Language Standard Control: -std=

This is the most direct way to define the "modernity" of a project.

  • Flag format: -std=c++11, -std=c++14, -std=c++17, -std=c++20.
  • GNU extension version: gnu++17. Compared to the standard c++17, it allows the use of some GCC-specific non-standard extensions (such as special inline assembly syntax). In low-level embedded development, we sometimes have to use the gnu++ version.

Why Choose -std=c++17 or Above in Embedded?

  • The power of constexpr: In C++17, a massive amount of logic can be moved to compile-time evaluation, directly reducing runtime CPU load and Flash footprint.
  • std::span (C++20): It is the perfect replacement for passing buffers in embedded development, offering better safety and zero overhead compared to traditional uint8_t* ptr, size_t len.
  • Structured binding: Makes parsing complex sensor data structures extremely elegant.

Preprocessor and Macro Definitions: -D and -U

In embedded development, due to hardware differences, we frequently need "conditional compilation."

  • -D<macro>=<value>: Defines a macro.
    • For example: -DSTM32F407xx or -DDEBUG_LEVEL=2.
    • Modern approach: Try to control this via target_compile_definitions(target PRIVATE STM32F407xx) in CMake, rather than littering your code with #define.
  • -U<macro>: Undefines a previously defined macro.

Warning: Over-reliance on macros makes code paths difficult to test (code coverage cannot cover branches with disabled macros). In modern C++, we recommend prioritizing if constexpr combined with constant objects.


Path Search and Library Linking: -I, -isystem, -L, -l

This is where beginners most easily make mistakes when configuring CMake.

  • -I <dir> (Include): Specifies header file search paths.
  • -isystem <dir>: Specifies "system" header file paths.
    • The subtlety: If a third-party library (like ST's HAL library) generates a lot of meaningless warnings, include them using -isystem. The compiler will automatically suppress all warnings from that directory, keeping your console clean.
  • -L <dir>: Specifies the search directory for static libraries (.a).
  • -l<name>: Links a specified library.
    • Note: If the library name is libmath.a, the flag is -lmath (strip the lib prefix and the extension).

Output Management and Debug Information: -o and -g

  • -o <file>: Specifies the output file name. In cross-compilation, we usually generate an .elf file, and then convert it to .bin or .hex via objcopy.
  • -g and -g3:
    • -g produces standard debug symbols for GDB (GNU Debugger) debugging.
    • -g3: Even includes debug information for macro definitions.
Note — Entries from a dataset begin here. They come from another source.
Lemma star_avoiding_chain (C : kset K -> Prop) : (forall N, C N -> star_avoiding N) ->
  (forall N N', C N -> C N' -> ksubset N N' \/ ksubset N' N) ->
  exists2 U, star_avoiding U & forall N, C N -> ksubset N U.
Proof.
move=> Cavoid chain; have [[N0 CN0]|nC] := pselect (exists N, C N); last first.
  by exists I => [|N CN]; [split=> //; split=> // x|case: nC; exists N].
have Dmono (N N' : kset K) : ksubset N N' -> ksubset D D by move=> _ x.
have Imono (N N' : kset K) : ksubset N N' -> ksubset N N' by [].
have [sUD [U0 [Uadd Umul]]] :=
  bigU_ideal chain Dmono Imono (ex_intro _ N0 CN0) (fun N => fun h => (Cavoid N h).1).
exists (bigU C id); last by move=> N CN x Nx; exists N.
split.
  split; first by move=> x /sUD [].
  by split=> //; split=> // r x Dr; apply: Umul; exists N0.
split; first by move=> x /(Cavoid N0 CN0).2.1 Ix; exists N0.
(* the generators of a f.g. G <= U with 1 in G^star all lie in one member N *)
move=> [G [fG [sGU G1]]]; have [s eG _] := fg_span fG.
have sU x : x \in s -> bigU C id x by move=> xs; apply: sGU; rewrite eG; apply: (span_mem hD).
have [N CN sN] := bigU_finite chain Imono (ex_intro _ N0 CN0) sU.
have [hN [_ N1]] := Cavoid N CN; apply: N1; exists G; split=> //; split=> //.
by rewrite eG; apply: span_sub => //; apply: ideal_submodule hN.
Qed.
If you need to inspect the value of a certain #define while debugging, turn this on.
    • Misconception corrected: Enabling -g does not increase the size of the code running on the board. Debug information only exists in the .elf file on your computer and is not flashed into the MCU's Flash memory.
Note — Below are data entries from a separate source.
(* Suppose $\mathcal{H}$ and $\mathcal{H}'$ are hereditary graph properties and $\mathcal{H}$ is close to $\mathcal{H}'$. Then $M_{\mathcal{H}}(2\epsilon)\leq M_{\mathcal{H}'}(\epsilon)$ for every $\epsilon\in(0,1/2)$.
   Context: Graphs $G=(V,E)$ with $E\subseteq\binom V2$; $\overline E=\{(x,y)\in V^2:xy\in E\}$. A hereditary graph property is a class of finite graphs closed under isomorphism and induced subgraphs. $d_G(X,Y)=|\overline E\cap(X\times Y)|/(|X||Y|)$. A pair $(X,Y)$ is $\epsilon$-regular if $|d_G(X,Y)-d_G(X',Y')|\le\epsilon$ for all $X'\subseteq X,Y'\subseteq Y$ with $|X'|\ge\epsilon|X|,|Y'|\ge\epsilon|Y|$; a partition $\mathcal P$ of $V$ is $\epsilon$-regular if at least $(1-\epsilon)|V|^2$ pairs of $V^2$ lie in $X\times Y$ for some $\epsilon$-regular $(X,Y)\in\mathcal P^2$. $M_{\mathcal H}(\epsilon)$ is the least $M$ such that all sufficiently large graphs in $\mathcal H$ have an $\epsilon$-regular partition with at most $M$ parts. Graphs $G=(V,E)$, $G'=(V,E')$ on the same vertex set are $\delta$-close if $|\overline E\Delta\overline{E'}|\le\delta|V|^2$. $\mathcal H$ is close to $\mathcal H'$ if for all $\delta>0$ there is $N$ such that every $G\in\mathcal H$ with at least $N$ vertices is $\delta$-close to some $G'\in\mathcal H'$ on the same vertex set. *)

From HB Require Import structures.
From mathcomp Require Import all_boot all_order all_algebra.
From mathcomp Require Import boolp.
From mathcomp Require Import reals.

Set Implicit Arguments.
Unset Strict Implicit.
Unset Printing Implicit Defensive.

Import Order.TTheory GRing.Theory Num.Theory.
Local Open Scope ring_scope.

(* A finite simple graph on the vertex type T : finType, given by its
   adjacency relation e (xy \in E iff e x y). *)
Definition is_graph (T : finType) (e : rel T) : Prop :=
  symmetric e /\ irreflexive e.

Definition graph_property := forall T : finType, rel T -> Prop.

Definition hereditary (H : graph_property) : Prop :=
  (forall (T U : finType) (e : rel T) (e' : rel U) (f : T -> U),
      bijective f -> (forall x y, e' (f x) (f y) = e x y) -> H T e -> H U e') /\
  (forall (T : finType) (e : rel T) (A : {set T}),
      H T e -> H {x : T | x \in A} (fun x y => e (val x) (val y))).

Section Reg.
Variable R : realType.

Definition density (T : finType) (e : rel T) (X Y : {set T}) : R :=
  (#|[set p in setX X Y | e p.1 p.2]|)%:R / (#|X| * #|Y|)%:R.

Definition regular_pair (T : finType) (e : rel T) (eps : R) (X Y : {set T}) : bool :=
  [forall X' : {set T}, forall Y' : {set T},
     [&& X' \subset X, Y' \subset Y, eps * #|X|%:R <= #|X'|%:R &
         eps * #|Y|%:R <= #|Y'|%:R] ==>
     (`|density e X Y - density e X' Y'| <= eps)].

Definition regular_partition (T : finType) (e : rel T) (eps : R) (P : {set {set T}}) : Prop :=
  partition P [set: T] /\
  (1 - eps) * (#|T| ^ 2)%:R <=
    (#|[set p : T * T | [exists X in P, exists Y in P,
                          [&& p.1 \in X, p.2 \in Y & regular_pair e eps X Y]]]|)%:R.

Definition reg_bound (H : graph_property) (eps : R) (M : nat) : Prop :=
  exists N : nat, forall (T : finType) (e : rel T),
    is_graph e -> H T e -> (N <= #|T|)%N ->
    exists P : {set {set T}}, regular_partition e eps P /\ (#|P| <= M)%N.

(* M_H(eps): the least such M, or None (= +infinity) if there is none. *)
Definition M_H (H : graph_property) (eps : R) : option nat :=
  match pselect (exists M, `[< reg_bound H eps M >]) with
  | left h => Some (ex_minn h)
  | right _ => None
  end.

Definition graphs_close (T : finType) (e e' : rel T) (delta : R) : Prop :=
  (#|[set p : T * T | e p.1 p.2 != e' p.1 p.2]|)%:R <= delta * (#|T| ^ 2)%:R.

Definition close_to (H H' : graph_property) : Prop :=
  forall delta : R, 0 < delta -> exists N : nat,
    forall (T : finType) (e : rel T), is_graph e -> H T e -> (N <= #|T|)%N ->
      exists e' : rel T, is_graph e' /\ H' T e' /\ graphs_close e e' delta.

End Reg.

Definition le_ext (a b : option nat) : Prop :=
  match a, b with
  | _, None => True
  | None, Some _ => False
  | Some m, Some n => (m <= n)%N
  end.

(* Regularity survives small edits: if G and G' differ on at most a
   delta-fraction of X x Y, then every density d(X', Y') with
   |X'| >= 2 eps |X|, |Y'| >= 2 eps |Y| moves by at most delta / (4 eps^2).
   Given G in H, pick G' in H' that is eps^4-close to G and an eps-regular
   partition P of G'.  Averaging over the cells X x Y of P^2, the cells on
   which G and G' differ on more than an eps^3-fraction cover at most
   eps |V|^2 pairs; on every other eps-regular cell of G' the pair is
   2 eps-regular for G.  So P itself is a 2 eps-regular partition of G, and
   M_H(2 eps) <= M_H'(eps). *)
From HB Require Import structures.
From mathcomp Require Import all_boot all_order all_algebra.
From mathcomp Require Import boolp reals.
From mathcomp Require Import ring lra.
Import Order.TTheory GRing.Theory Num.Theory.
Local Open Scope ring_scope.
Set Implicit Arguments.
Unset Strict Implicit.

Section Perturbation.
Variables (R : realType) (T : finType).
Implicit Types (e : rel T) (X Y : {set T}) (P : {set {set T}}).

Definition edge_diff e e' : {set T * T} := [set p | e p.1 p.2 != e' p.1 p.2].

Lemma edge_diffC e e' : edge_diff e' e = edge_diff e e'.
Proof. by apply/setP => p; rewrite !inE eq_sym. Qed.

Lemma card_edges_le_diff e e' X Y :
  (#|[set p in setX X Y | e p.1 p.2]| <=
   #|[set p in setX X Y | e' p.1 p.2]| + #|setX X Y :&: edge_diff e e'|)%N.
Proof.
set A := [set p in _ | e _ _]; set B := [set p in _ | e' _ _].
rewrite -(cardsID B A) leq_add ?subset_leq_card ?subsetIr //.
apply/subsetP => p; rewrite !inE.
by case: (p.1 \in X); case: (p.2 \in Y); case: (e _ _); case: (e' _ _).
Qed.

Lemma density_diff_le e e' X Y :
  `|density R e X Y - density R e' X Y| <=
    #|setX X Y :&: edge_diff e e'|%:R / (#|X| * #|Y|)%:R.
Proof.
rewrite /density -mulrBl normrM [`|_^-1|]ger0_norm ?invr_ge0 ?ler0n //.
apply: ler_wpM2r; first by rewrite invr_ge0 ler0n.
have := card_edges_le_diff e e' X Y; have := card_edges_le_diff e' e X Y.
rewrite edge_diffC -!(ler_nat R) !natrD => le1 le2.
by rewrite ler_norml; apply/andP; split; lra.
Qed.

Lemma regular_pair_perturb e e' (eps : R) X Y :
  0 < eps -> eps <= 1 / 2 -> (0 < #|X|)%N -> (0 < #|Y|)%N ->
  #|setX X Y :&: edge_diff e e'|%:R <= eps ^+ 3 * (#|X| * #|Y|)%:R ->
  regular_pair e' eps X Y -> regular_pair e (2 * eps) X Y.
Proof.
move=> eps_gt0 eps_le X_gt0 Y_gt0; rewrite natrM => diff_le /forallP reg'.
apply/forallP => X'; apply/forallP => Y'; apply/implyP.
case/and4P => sX sY X'_ge Y'_ge.
have x_gt0 : 0 < #|X|%:R :> R by rewrite ltr0n.
have y_gt0 : 0 < #|Y|%:R :> R by rewrite ltr0n.
have x'_gt0 : 0 < #|X'|%:R :> R by apply: lt_le_trans X'_ge; rewrite !mulr_gt0.
have y'_gt0 : 0 < #|Y'|%:R :> R by apply: lt_le_trans Y'_ge; rewrite !mulr_gt0.
have reg'_sub : `|density R e' X Y - density R e' X' Y'| <= eps.
  apply: (implyP (forallP (reg' X') Y')).
  by rewrite sX sY /=; apply/andP; split; [apply: le_trans X'_ge | apply: le_trans Y'_ge]; nra.
have diff_sub : #|setX X' Y' :&: edge_diff e e'|%:R <=
                #|setX X Y :&: edge_diff e e'|%:R :> R.
  by rewrite ler_nat subset_leq_card // setSI // setXS.
have big_sub : 4 * eps ^+ 2 * (#|X|%:R * #|Y|%:R) <= #|X'|%:R * #|Y'|%:R.
  have -> : 4 * eps ^+ 2 * (#|X|%:R * #|Y|%:R) = 2 * eps * #|X|%:R * (2 * eps * #|Y|%:R).
    by ring.
  by apply: ler_pM X'_ge Y'_ge; rewrite ?mulr_ge0 ?ler0n ?ltW.
have perturb_XY : `|density R e X Y - density R e' X Y| <= eps / 4.
  apply: le_trans (density_diff_le _ _ _ _) _.
  rewrite natrM ler_pdivrMr ?mulr_gt0 //; apply: le_trans diff_le _.
  by rewrite ler_wpM2r ?mulr_ge0 ?ler0n //; nra.
have perturb_X'Y' : `|density R e' X' Y' - density R e X' Y'| <= eps / 4.
  rewrite distrC; apply: le_trans (density_diff_le _ _ _ _) _.
  rewrite natrM ler_pdivrMr ?mulr_gt0 //.
  by apply: le_trans diff_sub _; apply: le_trans diff_le _; rewrite !exprS expr0 in big_sub *; nra.
set d := density R e X Y; set d' := density R e' X Y.
set s' := density R e' X' Y'; set s := density R e X' Y'.
have -> : d - s = (d - d') + (d' - s') + (s' - s) by ring.
by apply: le_trans (ler_normD _ _) _; apply: le_trans (lerD (ler_normD _ _) (lexx _)) _; lra.
Qed.

Definition cell P (p : T * T) : {set T * T} :=
  setX (pblock P p.1) (pblock P p.2).

Definition heavy_cells P (c : R) (D : {set T * T}) : {set T * T} :=
  [set p | c * #|cell P p|%:R < #|cell P p :&: D|%:R].

Definition regular_cover e (eps : R) P : {set T * T} :=
  [set p | [exists X in P, exists Y in P,
              [&& p.1 \in X, p.2 \in Y & regular_pair e eps X Y]]].

Section PartitionCells.
Variable P : {set {set T}}.
Hypothesis partP : partition P [set: T].

Lemma mem_cell p : p \in cell P p.
Proof. by case/and3P: partP => /eqP coverP _ _; rewrite !inE !mem_pblock coverP !inE. Qed.

Lemma card_cell_gt0 p : (0 < #|cell P p|)%N.
Proof. by apply/card_gt0P; exists p; apply: mem_cell. Qed.

Lemma cell_eq p q : q \in cell P p -> cell P q = cell P p.
Proof.
case/and3P: partP => _ tiP _; rewrite !inE => /andP [q1 q2].
by rewrite /cell (same_pblock tiP q1) (same_pblock tiP q2).
Qed.

Lemma mem_cellC p q : (q \in cell P p) = (p \in cell P q).
Proof. by apply/idP/idP => /cell_eq ->; apply: mem_cell. Qed.

(* Each q in D contributes 1 / |cell q| to every p of its cell. *)
Lemma sum_cell_fraction (D : {set T * T}) :
  \sum_p (#|cell P p :&: D|%:R / #|cell P p|%:R : R) = #|D|%:R.
Proof.
have spread p : #|cell P p :&: D|%:R / #|cell P p|%:R =
    \sum_q (if (q \in D) && (p \in cell P q) then #|cell P q|%:R^-1 else 0 : R).
  rewrite mulr_natl -sumr_const big_mkcond /=; apply: eq_bigr => q _.
  rewrite inE mem_cellC andbC.
  by case: ifP => // /andP [_ /cell_eq ->].
rewrite (eq_bigr _ (fun p _ => spread p)) exchange_big /=.
rewrite (eq_bigr (fun q => if q \in D then 1 else 0 : R)).
  by rewrite -big_mkcond /= sumr_const.
move=> q _; case: (q \in D) => /=; last by rewrite big1.
rewrite -big_mkcond /= sumr_const.
set c := #|cell P q|%:R^-1; rewrite -mulr_natr /c mulVf //.
by rewrite pnatr_eq0 -lt0n card_cell_gt0.
Qed.

Lemma card_heavy_cells (c : R) (D : {set T * T}) :
  c * #|heavy_cells P c D|%:R <= #|D|%:R.
Proof.
rewrite -(sum_cell_fraction D) (bigID (mem (heavy_cells P c D))) /=.
rewrite -[leLHS]addr0; apply: lerD; last by apply: sumr_ge0 => p _; rewrite divr_ge0.
rewrite mulr_natr -sumr_const; apply: ler_sum => p; rewrite inE => heavy.
by apply: ltW; rewrite ltr_pdivlMr // ltr0n card_cell_gt0.
Qed.

Lemma regular_cover_perturb e e' (eps : R) :
  0 < eps -> eps <= 1 / 2 ->
  regular_cover e' eps P \subset
    regular_cover e (2 * eps) P :|: heavy_cells P (eps ^+ 3) (edge_diff e e').
Proof.
move=> eps_gt0 eps_le; case/and3P: partP => _ tiP _.
apply/subsetP => p; rewrite !inE.
case/existsP => X /andP [XP /existsP [Y /andP [YP /and3P [p1 p2 reg']]]].
rewrite ltNge; case: leP => [light|_]; rewrite ?orbT // orbF.
have cellXY : cell P p = setX X Y.
  by rewrite /cell (def_pblock tiP XP p1) (def_pblock tiP YP p2).
rewrite cellXY cardsX in light.
apply/existsP; exists X; rewrite XP; apply/existsP; exists Y; rewrite YP p1 p2 /=.
apply: (regular_pair_perturb eps_gt0 eps_le _ _ light reg').
  by apply/card_gt0P; exists p.1.
by apply/card_gt0P; exists p.2.
Qed.

End PartitionCells.

Lemma regular_partition_perturb e e' (eps : R) P :
  0 < eps -> eps <= 1 / 2 -> graphs_close e e' (eps ^+ 4) ->
  regular_partition e' eps P -> regular_partition e (2 * eps) P.
Proof.
move=> eps_gt0 eps_le close [partP cover']; split=> //.
set n2 := (#|T| ^ 2)%:R : R.
set heavy := heavy_cells P (eps ^+ 3) (edge_diff e e').
have heavy_le : #|heavy|%:R <= eps * n2.
  rewrite -(ler_pM2l (exprn_gt0 3 eps_gt0)) mulrA -exprSr.
  exact: le_trans (card_heavy_cells partP _ _) close.
have cover_le : #|regular_cover e' eps P|%:R <=
                #|regular_cover e (2 * eps) P|%:R + #|heavy|%:R :> R.
  rewrite -natrD ler_nat -cardsUI.
  apply: leq_trans (subset_leq_card (regular_cover_perturb partP e e' eps_gt0 eps_le)) _.
  exact: leq_addr.
rewrite -/(regular_cover e _ P) -/n2; rewrite -/(regular_cover e' _ P) -/n2 in cover'.
lra.
Qed.

End Perturbation.

Lemma le_ext_M_H (R : realType) (H H' : graph_property) (eps eps' : R) :
  (forall M, reg_bound H' eps' M -> reg_bound H eps M) ->
  le_ext (M_H H eps) (M_H H' eps').
Proof.
move=> boundHH'; rewrite /M_H.
case: (pselect (exists M, `[< reg_bound H' eps' M >])) => [exH'|_]; last by case: pselect.
case: (ex_minnP exH') => M' /asboolP boundH' _.
case: pselect => [exH|[]]; last by exists M'; apply/asboolP/boundHH'.
by case: (ex_minnP exH) => M _ /=; apply; apply/asboolP/boundHH'.
Qed.

Lemma reg_bound_close (R : realType) (H H' : graph_property) (eps : R) (M : nat) :
  close_to R H H' -> 0 < eps -> eps <= 1 / 2 ->
  reg_bound H' eps M -> reg_bound H (2 * eps) M.
Proof.
move=> closeHH' eps_gt0 eps_le [N' boundH'].
have [N close] := closeHH' _ (exprn_gt0 4 eps_gt0).
exists (maxn N N') => T e graph_e He; rewrite geq_max => /andP [NT N'T].
have [e' [graph_e' [He' close_ee']]] := close T e graph_e He NT.
have [P [regP cardP]] := boundH' T e' graph_e' He' N'T.
by exists P; split; first exact: regular_partition_perturb eps_gt0 eps_le close_ee' regP.
Qed.

Theorem proposition3p6 (R : realType) (H H' : graph_property) :
  hereditary H -> hereditary H' -> close_to R H H' ->
  forall eps : R, 0 < eps -> eps < 1 / 2 ->
    le_ext (M_H H (2 * eps)) (M_H H' eps).
Proof.
move=> _ _ closeHH' eps eps_gt0 eps_lt.
by apply: le_ext_M_H => M; apply: reg_bound_close closeHH' eps_gt0 (ltW eps_lt).
Qed.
Warning Management: -W Series (Code Quality)

In safety-sensitive fields like embedded systems, warnings are hidden bugs.

  • -Wall -Wextra: The standard for most developers, enabling the vast majority of valuable warnings.
  • -Werror: Treats all warnings as errors.
    • Recommended practice: Enforce -Werror in CI/CD (continuous integration) environments to ensure submitted code has no hidden dangers.
  • -Wshadow: Issues a warning when a local variable name shadows a global variable name, which is extremely useful when switching embedded logic states.
  • -Wdouble-promotion: A must for embedded! Warns when you unintentionally promote a float to a double. On an MCU without a hardware double-precision floating-point unit, this causes a massive performance drop.

Dependency Generation: -M, -MMD

Have you ever wondered how CMake knows "because you modified a certain header file, these 10 source files need to be recompiled"?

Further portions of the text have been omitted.